== What needs to be done ==
Reproduce exactly, and only, the lines below from the one containing "have clC : closed C." through the one containing "apply/eqP/negP => /negP nij.".

== Task data ==
(* Suppose $f$ satisfies the separation property. Let $x\in\widetilde X$ with itinerary $\theta$, $t\geqslant 0$, $n\geqslant 1$. If $f^{t+n}(x)\in A_{i_1i_2\dots i_n}$ for some atom $A_{i_1\dots i_n}$, then $\theta_t\theta_{t+1}\dots\theta_{t+n-1}=i_1i_2\dots i_n$.
   Context: Let $(X,d)$ be a compact metric space, $X_1,\dots,X_N$ ($N\geqslant 2$) non-empty pairwise disjoint open subsets with $X=\bigcup_i\overline{X_i}$, $\Delta:=\{x\in\overline{X_i}\cap\overline{X_j}:i\neq j\}$, and $f:X\to X$ a map such that each $f|_{X_i}$ admits a continuous extension $f_i:\overline{X_i}\to X$. Separation property: each $f_i$ injective and $f_i(\overline{X_i})\cap f_j(\overline{X_j})=\emptyset$ for $i\neq j$. $\widetilde X:=\bigcap_{n\geqslant 0}f^{-n}(X\setminus\Delta)$; the itinerary of $x\in\widetilde X$ is $\theta$ with $\theta_t=i$ iff $f^t(x)\in X_i$. For $A\subset X$ let $F_i(A):=\overline{f(A\cap X_i)}$; $A_{i_1\dots i_n}:=F_{i_n}\circ\dots\circ F_{i_1}(X)$ is an atom of generation $n$ if non-empty. *)

From HB Require Import structures.
From mathcomp Require Import all_boot all_order all_algebra.
From mathcomp Require Import all_classical all_reals all_analysis.
Set Implicit Arguments. Unset Strict Implicit. Unset Printing Implicit Defensive.
Import Order.TTheory GRing.Theory Num.Theory.
Local Open Scope classical_set_scope.

Section PiecewiseDefs.
Context {T : topologicalType} {N : nat}.
Variables (Xs : 'I_N -> set T) (f : T -> T).

Definition Delta : set T :=
  [set x | exists i j : 'I_N, i != j /\ closure (Xs i) x /\ closure (Xs j) x].

Definition Xtilde : set T := [set x | forall n : nat, ~ Delta (iter n f x)].

Definition is_itinerary (x : T) (theta : nat -> 'I_N) : Prop :=
  forall (t : nat) (i : 'I_N), theta t = i <-> Xs i (iter t f x).

Definition Fmap (i : 'I_N) (A : set T) : set T := closure (f @` (A `&` Xs i)).

(* A_{i_1 ... i_n} = F_{i_n} o ... o F_{i_1} (X), for s = [:: i_1; ...; i_n] *)
Definition atom_set (s : seq 'I_N) : set T := foldl (fun A i => Fmap i A) setT s.

Definition is_cont_ext (i : 'I_N) (fi : T -> T) : Prop :=
  {within closure (Xs i), continuous fi} /\ (forall x, Xs i x -> fi x = f x).

Definition separation_property (fe : 'I_N -> T -> T) : Prop :=
  (forall i : 'I_N, {in closure (Xs i) &, injective (fe i)}) /\
  (forall i j : 'I_N, i != j -> fe i @` closure (Xs i) `&` fe j @` closure (Xs j) = set0).

End PiecewiseDefs.

From HB Require Import structures.
From mathcomp Require Import all_boot all_order all_algebra.
From mathcomp Require Import all_classical all_reals all_analysis.
Import Order.TTheory GRing.Theory Num.Theory.
Local Open Scope classical_set_scope.

(* Since X is compact Hausdorff and f_i is continuous, F_i(A) is contained in
   f_i(A ∩ cl X_i) whenever A is closed.  Hence a point f(w) with w ∈ X_j lying
   in F_i(A) is also f_i(z) for some z ∈ A ∩ cl X_i; the separation property
   forces i = j and then injectivity of f_i forces z = w ∈ A.  Atoms are
   closed, so peeling off the last letter of an atom containing f^(t+n)(x)
   recovers one letter of the itinerary at a time. *)

Section Atoms.
Context {T : topologicalType} {N : nat}.
Variables (Xs : 'I_N -> set T) (f : T -> T).

Lemma atom_set_rcons (s : seq 'I_N) (i : 'I_N) :
  atom_set Xs f (rcons s i) = Fmap Xs f i (atom_set Xs f s).
Proof. by rewrite /atom_set foldl_rcons. Qed.

Lemma atom_set_closed (s : seq 'I_N) : closed (atom_set Xs f s).
Proof.
case/lastP: s => [|s i]; first exact: closedT.
rewrite atom_set_rcons; exact: closed_closure.
Qed.

End Atoms.

Section Separation.
Context {T : topologicalType} {N : nat}.
Variables (Xs : 'I_N -> set T) (f : T -> T) (fe : 'I_N -> T -> T).
Hypotheses (hT : hausdorff_space T) (hcpt : compact [set: T]).
Hypothesis hext : forall i, is_cont_ext Xs f i (fe i).
Hypothesis hsep : separation_property Xs fe.

Lemma Fmap_sub_ext_image {i : 'I_N} {A : set T} : closed A ->
  Fmap Xs f i A `<=` fe i @` (A `&` closure (Xs i)).
Proof.
move=> clA; set C := fe i @` _.
have clC : closed C.
  apply: compact_closed => //; apply: continuous_compact.
    by apply: continuous_subspaceW (hext i).1 => z [].
  apply: (subclosed_compact _ hcpt) => //.
  exact: closedI clA (@closed_closure _ _).
rewrite [X in _ `<=` X](closure_id C).1 //; apply: closureS => _ [z [Az Xz] <-].
by exists z; [split=> //; exact: subset_closure | rewrite (hext i).2].
Qed.

Lemma Fmap_image_inv {i j : 'I_N} {A : set T} {w : T} :
  closed A -> Xs j w -> Fmap Xs f i A (f w) -> i = j /\ A w.
Proof.
move=> clA Xw /(Fmap_sub_ext_image clA) [z [Az Xz] fez].
have fw : f w = fe j w by rewrite (hext j).2.
have eij : i = j.
  apply/eqP/negP => /negP nij.
  have := hsep.2 i j nij; rewrite -subset0; apply; split.
    by exists z.
  by exists w; [exact: subset_closure | rewrite -fw].
subst j; split=> //.
suff -> : w = z by [].
by apply: (hsep.1 i); rewrite ?inE //; [exact: subset_closure | rewrite fez fw].
Qed.

Lemma itinerary_of_atom {x : T} {theta : nat -> 'I_N} {t : nat} {s : seq 'I_N} :
  is_itinerary Xs f x theta -> atom_set Xs f s (iter (t + size s) f x) ->
  [seq theta (t + k)%N | k <- iota 0 (size s)] = s.
Proof.
move=> htheta; elim/last_ind: s => [|s i IH] //.
rewrite size_rcons atom_set_rcons addnS => hin.
have Xtheta : Xs (theta (t + size s)%N) (iter (t + size s) f x).
  exact: (htheta _ _).1.
have [-> /IH IHs] := Fmap_image_inv (atom_set_closed Xs f s) Xtheta hin.
by rewrite -addn1 iotaD map_cat IHs /= add0n cats1.
Qed.

End Separation.

Theorem lemma3 (R : realType) (T : pseudoMetricType R) (N : nat)
  (Xs : 'I_N -> set T) (f : T -> T) (fe : 'I_N -> T -> T)
  (hT : hausdorff_space T) (hcpt : compact [set: T])
  (hN : (2 <= N)%N)
  (hopen : forall i, open (Xs i))
  (hne : forall i, Xs i !=set0)
  (hdisj : forall i j, i != j -> Xs i `&` Xs j = set0)
  (hcover : \bigcup_(i in [set: 'I_N]) closure (Xs i) = [set: T])
  (hext : forall i, is_cont_ext Xs f i (fe i))
  (hsep : separation_property Xs fe)
  (x : T) (hx : Xtilde Xs f x)
  (theta : nat -> 'I_N) (htheta : is_itinerary Xs f x theta)
  (t n : nat) (hn : (1 <= n)%N)
  (s : seq 'I_N) (hs : size s = n)
  (hin : atom_set Xs f s (iter (t + n) f x)) :
  [seq theta (t + k)%N | k <- iota 0 n] = s.
Proof.
subst n; exact: (itinerary_of_atom Xs f fe hT hcpt hext hsep htheta hin).
Qed.
(* Assume $\chi$ is weakly generic, let $\sigma=\sigma_{a,b}$ be a Serre weight with $\mathcal{S}(\chi_1,\chi_2,\sigma)\neq\varnothing$, let $(J,x)$ be its maximal element, and let $s,t,r,\xi$ be as in the context. Suppose $\kappa\in\Sigma$ satisfies $t_\kappa<r_\kappa$. Then $v_p(\xi_\kappa-t_\kappa(p^f-1))>1$ if and only if $e=1$ and $r_\tau=p$, $n_\tau=1$ and $t_\tau=0$ for all $\tau\in\Sigma$.
   Context: Let $p$ be a prime, $K/\mathbf{Q}_p$ finite with residue field $k$, residue degree $f$, ramification index $e$; $I_K$ inertia; $v_p$ is the $p$-adic valuation on $\mathbf{Q}$. Fix $\varpi\in\overline{K}$ with $\varpi^{p^f-1}$ a uniformiser; $\omega\colon G_K\to k^\times$ sends $g$ to the reduction of $g(\varpi)/\varpi$. $\Sigma=\mathrm{Hom}_{\mathbf{F}_p}(k,\overline{\mathbf{F}}_p)$, $\varphi(x)=x^p$, $\omega_\tau=\tau\circ\omega$, $\Omega_{\tau,a}=\sum_{i=0}^{f-1}p^ia_{\tau\circ\varphi^i}$. $\chi_1,\chi_2\colon G_K\to\overline{\mathbf{F}}_p^\times$ continuous, $\chi=\chi_1\chi_2^{-1}=\psi\prod_\tau\omega_\tau^{n_\tau}$, $\psi$ unramified, $n_\tau\in[1,p]$, some $n_\tau<p$. Weakly generic: $n_\tau\in[e,p-e]$ for all $\tau$. Serre weight $\sigma_{a,b}=\bigotimes_\tau(\det^{b_\tau}\otimes\mathrm{Sym}^{a_\tau-b_\tau}k^2)\otimes_{k,\tau}\overline{\mathbf{F}}_p$, $a_\tau-b_\tau\in[0,p-1]$; $r_\tau=a_\tau-b_\tau+1$. $\mathcal{S}(\chi_1,\chi_2,\sigma)$: pairs $(J,x)$, $J\subseteq\Sigma$, $x_\tau\in[0,e-1]$, with $\chi_1|_{I_K}=\prod_{\tau\in J}\omega_\tau^{a_\tau+1+x_\tau}\prod_{\tau\notin J}\omega_\tau^{b_\tau+x_\tau}$ and $\chi_2|_{I_K}=\prod_{\tau\notin J}\omega_\tau^{a_\tau+e-x_\tau}\prod_{\tau\in J}\omega_\tau^{b_\tau+e-1-x_\tau}$. $s(J,x)_\tau=r_\tau+x_\tau$ if $\tau\in J$, $x_\tau$ if $\tau\notin J$. Order: $(J,x)\preceq(J',x')$ iff $\Omega_{\tau,s(J',x')-s(J,x)}\in(p^f-1)\mathbf{Z}_{\ge0}$ for all $\tau$; a non-empty $\mathcal{S}$ has a unique maximal element. For the maximal $(J,x)$: $s=s(J,x)$, $t_\tau=a_\tau-b_\tau+e-s_\tau$, $\xi_\tau=(p^f-1)s_\tau+\Omega_{\tau,s-t}$. *)

From HB Require Import structures.
From mathcomp Require Import all_boot all_order all_algebra.
Set Implicit Arguments.
Unset Strict Implicit.
Unset Printing Implicit Defensive.
Import Order.TTheory GRing.Theory Num.Theory.
Local Open Scope ring_scope.
Lemma sum2_split m n (f g : 'I_m -> 'I_n -> R) :
  \sum_(k < m) \sum_(l < n) (f k l + g k l) =
  \sum_(k < m) \sum_(l < n) f k l + \sum_(k < m) \sum_(l < n) g k l.
Proof. by rewrite -big_split; apply: eq_bigr => k _; rewrite big_split. Qed.

Lemma mulr_sum2r m n c (f : 'I_m -> 'I_n -> R) :
  c * \sum_(k < m) \sum_(l < n) f k l = \sum_(k < m) \sum_(l < n) c * f k l.
Proof. by rewrite mulr_sumr; apply: eq_bigr => k _; rewrite mulr_sumr. Qed.

Lemma mulmx_delta m n p q (A : 'M[R]_(m, n)) (B : 'M[R]_(p, q)) k l :
  A *m delta_mx k l *m B = col k A *m row l B.
Proof. by rewrite -(mul_delta_mx (0 : 'I_1)) colE rowE !mulmxA. Qed.

Lemma frob_inner_outer m q (x x' : 'cV[R]_m) (y y' : 'rV[R]_q) :
  '[x *m y, x' *m y'] = '[x, x'] * '[y, y'].
Proof. by rewrite frob_inner_mull mulmxA trmx_mul_cV mul_scalar_mx frob_innerZr. Qed.

Lemma frob_inner_col m n1 n2 (A : 'M[R]_(m, n1)) (C : 'M[R]_(m, n2)) k l :
  '[col k A, col l C] = (A^T *m C) k l.
Proof. by rewrite frob_innerE !mxE; apply: eq_bigr => i _; rewrite big_ord1 !mxE. Qed.

Lemma frob_inner_row m1 m2 n (B : 'M[R]_(m1, n)) (D : 'M[R]_(m2, n)) k l :
  '[row k B, row l D] = (B *m D^T) k l.
Proof. by rewrite frob_innerE big_ord1 !mxE; apply: eq_bigr => i _; rewrite !mxE. Qed.

Lemma sum_frob_inner_delta m n p q (A C : 'M[R]_(m, n)) (B D : 'M[R]_(p, q)) :
  \sum_(k < n) \sum_(l < p) '[A *m delta_mx k l *m B, C *m delta_mx k l *m D] =
  '[A, C] * '[B, D].
Proof.
under eq_bigr do under eq_bigr do
  rewrite !mulmx_delta frob_inner_outer frob_inner_col frob_inner_row.
have -> : '[B, D] = \tr (B *m D^T) by rewrite mxtrace_mulC -mxtrace_tr trmx_mul trmxK.
rewrite /frob_inner {2}/mxtrace big_distrl /=.
by apply: eq_bigr => k _; rewrite mulr_sumr.
Qed.

Lemma sum_frob_inner_delta_tr m n p q (A : 'M[R]_(m, n)) (B : 'M[R]_(p, q))
    (C : 'M[R]_(m, p)) (D : 'M[R]_(n, q)) :
  \sum_(k < n) \sum_(l < p) '[A *m delta_mx k l *m B, C *m (delta_mx k l)^T *m D] =
  \tr (A^T *m C *m (B *m D^T)).
Proof.
under eq_bigr do under eq_bigr do
  rewrite trmx_delta !mulmx_delta frob_inner_outer frob_inner_col frob_inner_row.
by rewrite /mxtrace; apply: eq_bigr => k _; rewrite mxE.
Qed.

== Finished task ==
have clC : closed C.
  apply: compact_closed => //; apply: continuous_compact.
    by apply: continuous_subspaceW (hext i).1 => z [].
  apply: (subclosed_compact _ hcpt) => //.
  exact: closedI clA (@closed_closure _ _).
rewrite [X in _ `<=` X](closure_id C).1 //; apply: closureS => _ [z [Az Xz] <-].
by exists z; [split=> //; exact: subset_closure | rewrite (hext i).2].
Qed.

Lemma Fmap_image_inv {i j : 'I_N} {A : set T} {w : T} :
  closed A -> Xs j w -> Fmap Xs f i A (f w) -> i = j /\ A w.
Proof.
move=> clA Xw /(Fmap_sub_ext_image clA) [z [Az Xz] fez].
have fw : f w = fe j w by rewrite (hext j).2.
have eij : i = j.
  apply/eqP/negP => /negP nij.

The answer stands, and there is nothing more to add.